FGCU makes a splash, shocks Georgetown
03/23/2013 4:55 PM
03/23/2013 5:36 PM
They’re not laughing at Florida Gulf Coast University now.
Not after the school by the beach that virtually no one had heard of until this week built a 19-point, second-half lead over supposedly mighty Georgetown, then withstood a furious Hoyas’ rally in the last three minutes to pull off the stunner of the NCAA Tournament, 78-68 in Philadelphia.
In the process not only did the Eagles wreck millions of brackets, but they became the seventh No. 15 seed to knock off a No. 2 in NCAA history.
And they did it convincingly.
FGCU’s dazzling 21-2 run early in the second half, turning a 31-31 tie into a commanding 52-33 lead proved the difference. During that stretch the Eagles did everything, knocking down three three-pointers, springing their big men loose for three dunks courtesy of some spectacular passes, all while keeping the Hoyas in check at the other end of the floor.
Georgetown never recovered, though the Hoyas did manage to close the gap to 72-68 in the final minute when Markel Starks drained back-to-back three-pointers, before FGCU calmly put it away at the line to advance to a meeting against San Diego State.
Presumably by then the Eagles and their rabid followers will have come back to earth.
“I told them before the game, ‘Georgetown’s ranked eighth in the country, but after you get on the court for 2-3 minutes you’ll realize you’re just as good or better than they are,’ ” Eagles coach Andy Enfield said once the celebration died down. “We played Georgetown style the first half. They made us play their style.
“But when we went in at halftime [leading 24-22, after falling behind early 18-11], I said, ‘We had to play FGCU basketball the second half. Push the ball and play up tempo.’

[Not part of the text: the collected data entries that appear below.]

Lemma LS_witness_absorbs (Kap : Type) (k0 : Kap) :
  cle ((Mu * Mu) * option (Lam0 * Kap)) (Lam0 * Kap).
Proof.
  destruct LS_witness_square as [pi Hpi], LS_witness_ge_mu as [iM HiM].
  destruct (infinite_two Lam0 (cle_trans _ _ _ HMuInf LS_witness_ge_mu)) as [l0 [l1 Hl]].
  set (opt := fun o : option Lam0 => match o with None => pi (l0, l0) | Some l => pi (l1, l) end).
  assert (Hopt : forall o o', opt o = opt o' -> o = o').
  { intros [a|] [b|] E; apply Hpi in E; congruence. }
  set (split := fun o : option (Lam0 * Kap) =>
    match o with None => (None, k0) | Some (l, k) => (Some l, k) end).
  assert (Hsplit : forall o o', split o = split o' -> o = o')
    by (intros [[l k]|] [[l' k']|]; simpl; congruence).
  exists (fun p => (pi (iM (fst (fst p)), pi (iM (snd (fst p)), opt (fst (split (snd p))))),
                    snd (split (snd p)))).
  intros [[u y] o] [[u' y'] o'] E; simpl in E.
  injection E as E Ek; apply Hpi in E; injection E as Eu E; apply Hpi in E.
  injection E as Ey E; apply HiM in Eu; apply HiM in Ey; apply Hopt in E.
  replace o' with o; [congruence|].
  apply Hsplit; destruct (split o), (split o'); simpl in *; congruence.
Qed.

“We’re built for our style. We’re not built to grind it out every possession. The guys did a great job early on and we went on that run. They came back and if it was last year, it might’ve been a different story. We showed a lot of maturity.”
There were heroes all over the place for the Eagles, with guards Sherwood Brown and Bernard Thompson scoring 24 and 23 points respectively, each knocking down three shots from beyond the arc. Brett Comer added 12, while handing out 10 assists, including a lob for a Chase Fieler dunk that brought the house down.
Through it all, though, FGCU made sure not to relax, knowing the relentless Hoyas would keep coming at them.
“After we had that run and were up 19, I looked at the clock and saw there were still 14 minutes left,” said Brown, who hit four consecutive free throws down the stretch to help finish off the Hoyas. “I figured we’d better start playing defense.
“I knew as fast as we went on a run, they can go on a run. We felt we had nothing to lose. Georgetown had all the pressure on them.”
And the Hoyas seemed to crumble under the weight of that pressure, shooting just 37.5 percent from the field and going just 7 for 27 from three-point range. Still, after what seemed to be a comfortable 62-47 cushion was reduced to 72-68 when Starks drilled a three-pointer with 52.4 seconds left, FGCU maintained its poise to finish off the biggest win in the school’s brief history.
“This means a lot for our university,” smiled Fieler. “It’s an unbelievable feeling. We showed great heart. It’s unbelievable to be able to win this game and keep playing.”